Lia Eyecare Nightleaf
Dry eye disease affects millions of people worldwide and can have a real impact on daily comfort and quality of life. The team set out to develop a CE-marked medical device capable of delivering controlled temperature therapy directly to the eye area in a wearable, easy-to-use format.
We were brought in to lead the electronics, firmware, and thermal engineering of the device, working closely with the wider design team to help turn the concept into a clinically validated product now progressing through trials. Alongside the hardware, we also supported the development of a companion app to provide a simple, intuitive way for users to control and monitor the device.
The Challenge
Delivering temperature therapy close to sensitive tissue is not straightforward.

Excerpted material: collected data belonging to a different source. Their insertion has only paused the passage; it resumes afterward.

Lemma cost_pos (th : R -> R) : cost_function th -> strictly_convex th ->
  forall u, u <> 0 -> 0 < th u.
Proof.
intros [Hev [_ [_ H0]]] Hs u Hu.
pose proof (Hs u (- u) (1 / 2) ltac:(lra) ltac:(lra)) as H.
replace (1 / 2 * u + (1 - 1 / 2) * - u) with 0 in H by field.
rewrite Hev, H0 in H. lra.
Qed.

Lemma cost_linear_growth (th : R -> R) : convex th -> th 0 = 0 ->
  forall u, 1 <= u -> u * th 1 <= th u.
Proof.
intros Hc H0 u Hu.
pose proof (Hc u 0 (/ u) ltac:(split; [left; apply Rinv_0_lt_compat; lra | rewrite <- Rinv_1; apply Rinv_le_contravar; lra]))
  as H.
replace (/ u * u + (1 - / u) * 0) with 1 in H by (field; lra).
rewrite H0, Rmult_0_r, Rplus_0_r in H.
apply Rmult_le_compat_l with (r := u) in H; [|lra].
replace (u * (/ u * th u)) with (th u) in H by (field; lra). exact H.
Qed.

Lemma deriv_zero_interior_min (g dg : R -> R) a b c :
  (forall x, derivable_pt_lim g x (dg x)) -> a < c < b -> g c < g a -> g c < g b ->
  exists y, dg y = 0.
Proof.
intros Hd Hc Ha Hb.
assert (Hcont : forall x, a <= x <= b -> continuity_pt g x)
  by (intros x _; exact (derivable_continuous_pt g x (exist _ _ (Hd x)))).
destruct (continuity_ab_min g a b ltac:(lra) Hcont) as [y [Hmin Hy]].
pose proof (Hmin c ltac:(lra)).
assert (Hay : a < y) by (destruct (Req_dec a y); subst; lra).
assert (Hyb : y < b) by (destruct (Req_dec y b); subst; lra).
exists y. set (pr := exist (fun l => derivable_pt_abs g y l) (dg y) (Hd y)).
change (dg y) with (derive_pt g y pr).
apply (deriv_minimum g a b y pr Hay Hyb). intros; apply Hmin; lra.
Qed.

Lemma hopf_lax_critical_point (th dth f df : R -> R) t x :
  cost_function th -> 0 < th 1 -> (forall s, derivable_pt_lim th s (dth s)) ->
  (forall y, derivable_pt_lim f y (df y)) -> bounded_below f -> 0 < t ->
  exists y, df y = dth ((x - y) / t).
Proof.
intros [Hev [Hc [_ H0]]] Hth1 Hdth Hdf [m Hm] Ht.
set (F := fun y => f y + t * th ((x - y) / t)).
assert (HF : forall y, derivable_pt_lim F y (df y - dth ((x - y) / t))).
{ intros y. replace (df y - dth ((x - y) / t)) with (df y + t * (dth ((x - y) / t) * - / t))
    by (field; lra).
  apply derivable_pt_lim_plus; [apply Hdf|].
  apply derivable_pt_lim_scal.
  apply (derivable_pt_lim_comp (fun z => (x - z) / t) th); [apply affine_quotient_deriv | apply Hdth]. }
set (r := Rmax t ((f x - m) / th 1 + 1)).
assert (Htr : t <= r) by apply Rmax_l.
assert (Hrt : 1 <= r / t).
{ apply (Rmult_le_reg_r t); [lra|]. unfold Rdiv. rewrite Rmult_assoc, Rinv_l by lra. lra. }
assert (Hr : f x - m < r * th 1).
{ assert ((f x - m) / th 1 + 1 <= r) by apply Rmax_r.
  apply Rlt_le_trans with (((f x - m) / th 1 + 1) * th 1);
    [field_simplify; lra | apply Rmult_le_compat_r; lra]. }
(* Linear growth of [th] makes [F] exceed [F x = f x] at distance [r] from [x]. *)
assert (Hfar : forall y, th ((x - y) / t) = th (r / t) -> F x < F y).
{ intros y Hy. unfold F. rewrite Hy. replace ((x - x) / t) with 0 by (field; lra). rewrite H0.
  pose proof (cost_linear_growth th Hc H0 _ Hrt).
  assert (t * (r / t * th 1) <= t * th (r / t)) by (apply Rmult_le_compat_l; lra).
  replace (t * (r / t * th 1)) with (r * th 1) in * by (field; lra).
  pose proof (Hm y). lra. }
destruct (deriv_zero_interior_min F _ (x - r) (x + r) x HF) as [y Hy].
- lra.
- apply Hfar. f_equal. field. lra.
- apply Hfar. rewrite <- Hev. f_equal. field. lra.
- exists y. lra.
Qed.

Theorem proposition2p4
  (al be th da db dth f df : R -> R)
  (Hal : cost_function al) (Hbe : cost_function be) (Hth : cost_function th)
  (Hda : C1_with al da) (Hdb : C1_with be db) (Hdth : C1_with th dth)
  (Hsum : forall x, al x + be x = th x)
  (Hstrict : strictly_convex th)
  (Hfconv : convex f) (Hdf : C1_with f df) (Hfbd : bounded_below f) :
  exists f1 f2 df1 df2 : R -> R,
    convex f1 /\ convex f2 /\ C1_with f1 df1 /\ C1_with f2 df2 /\
    (forall x, f x = f1 x + f2 x) /\
    (forall t, 0 < t -> forall x, exists m1 m2,
        hopf_lax_is al t f1 x m1 /\ hopf_lax_is be t f2 x m2 /\
        hopf_lax_is th t f x (m1 + m2)) /\
    (forall x s, dth s = df x -> df1 x = da s).
Proof.
destruct Hal as [Eal [Cal _]], Hbe as [Ebe [Cbe _]], (Hth) as [Eth [Cth _]].
destruct Hda as [Hda _], Hdb as [Hdb _], Hdth as [Hdth _], Hdf as [Hdf Hdf_cont].
pose proof (deriv_sum al be th da db dth Hsum Hda Hdb Hdth) as Hdsum.
pose proof (convex_tangents_below al da Cal Hda) as Tal.
pose proof (convex_tangents_below be db Cbe Hdb) as Tbe.
pose proof (convex_tangents_below th dth Cth Hdth) as Tth.
pose proof (convex_tangents_below f df Hfconv Hdf) as Tf.
destruct (transfer_exists da db dth (tangents_below_nondecreasing _ _ Tal)
  (tangents_below_nondecreasing _ _ Tbe) Hdsum) as [phi [Hphi [Hphi' Hphi_dth]]].
set (df1 := fun x => phi (df x)).
assert (Hdf1_cont : continuity df1)
  by exact (continuity_comp df phi Hdf_cont (nondecreasing_continuity phi Hphi Hphi')).
destruct (continuity_antiderivative df1 Hdf1_cont) as [f1 Hdf1].
set (df2 := fun x => df x - df1 x).
assert (Hdf2 : forall x, derivable_pt_lim (fun y => f y - f1 y) x (df2 x))
  by (intro x; exact (derivable_pt_lim_minus f f1 x _ _ (Hdf x) (Hdf1 x))).
assert (Mdf1 : nondecreasing df1)
  by (intros a b Hab; apply Hphi, (tangents_below_nondecreasing _ _ Tf), Hab).
assert (Mdf2 : nondecreasing df2)
  by (intros a b Hab; apply (Hphi' (df a) (df b)), (tangents_below_nondecreasing _ _ Tf), Hab).
exists f1, (fun x => f x - f1 x), df1, df2.
split; [exact (deriv_nondecreasing_convex _ _ Hdf1 Mdf1)|].
split; [exact (deriv_nondecreasing_convex _ _ Hdf2 Mdf2)|].
split; [split; assumption|].
split; [split; [assumption | exact (continuity_minus _ _ Hdf_cont Hdf1_cont)]|].
split; [intro x; ring|].
split; [|intros x s Hs; unfold df1; rewrite <- Hs; apply Hphi_dth].
intros t Ht x.
destruct (hopf_lax_critical_point th dth f df t x Hth
  (cost_pos th Hth Hstrict 1 ltac:(lra)) Hdth Hdf Hfbd Ht) as [y Hy].
exists (f1 y + t * al ((y - x) / t)), (f y - f1 y + t * be ((y - x) / t)).
split; [|split].
- apply (hopf_lax_at_tangency f1 df1 al da); auto using Eal, nondecreasing_tangents_below.
  unfold df1. rewrite Hy. apply Hphi_dth.
- apply (hopf_lax_at_tangency (fun z => f z - f1 z) df2 be db); auto using Ebe, nondecreasing_tangents_below.
  unfold df2, df1. rewrite Hy, Hphi_dth, Hdsum. ring.
- replace (f1 y + t * al ((y - x) / t) + (f y - f1 y + t * be ((y - x) / t)))
    with (f y + t * th ((y - x) / t)) by (rewrite <- Hsum; ring).
  apply (hopf_lax_at_tangency f df th dth); auto using Eth.
Qed.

The system needed to maintain precise and stable temperatures while remaining lightweight, comfortable, and safe to use.
Early versions of the device were bulkier than ideal. Improving wearability without compromising thermal performance became a key focus. At the same time, the experience had to remain comfortable and intuitive . That meant designing reliable hardware control, robust firmware, and a companion app that made interaction simple rather than technical or overwhelming.
Our Approach
We began with detailed thermal simulations to properly understand how heat moved through the system. By modelling the thermoelectric modules and temperature-sensing plates, we were able to identify thermal bottlenecks that would cause hotspots on the device. This allowed redesigns to be created with a reduced form factor while keeping temperatures at a safe level.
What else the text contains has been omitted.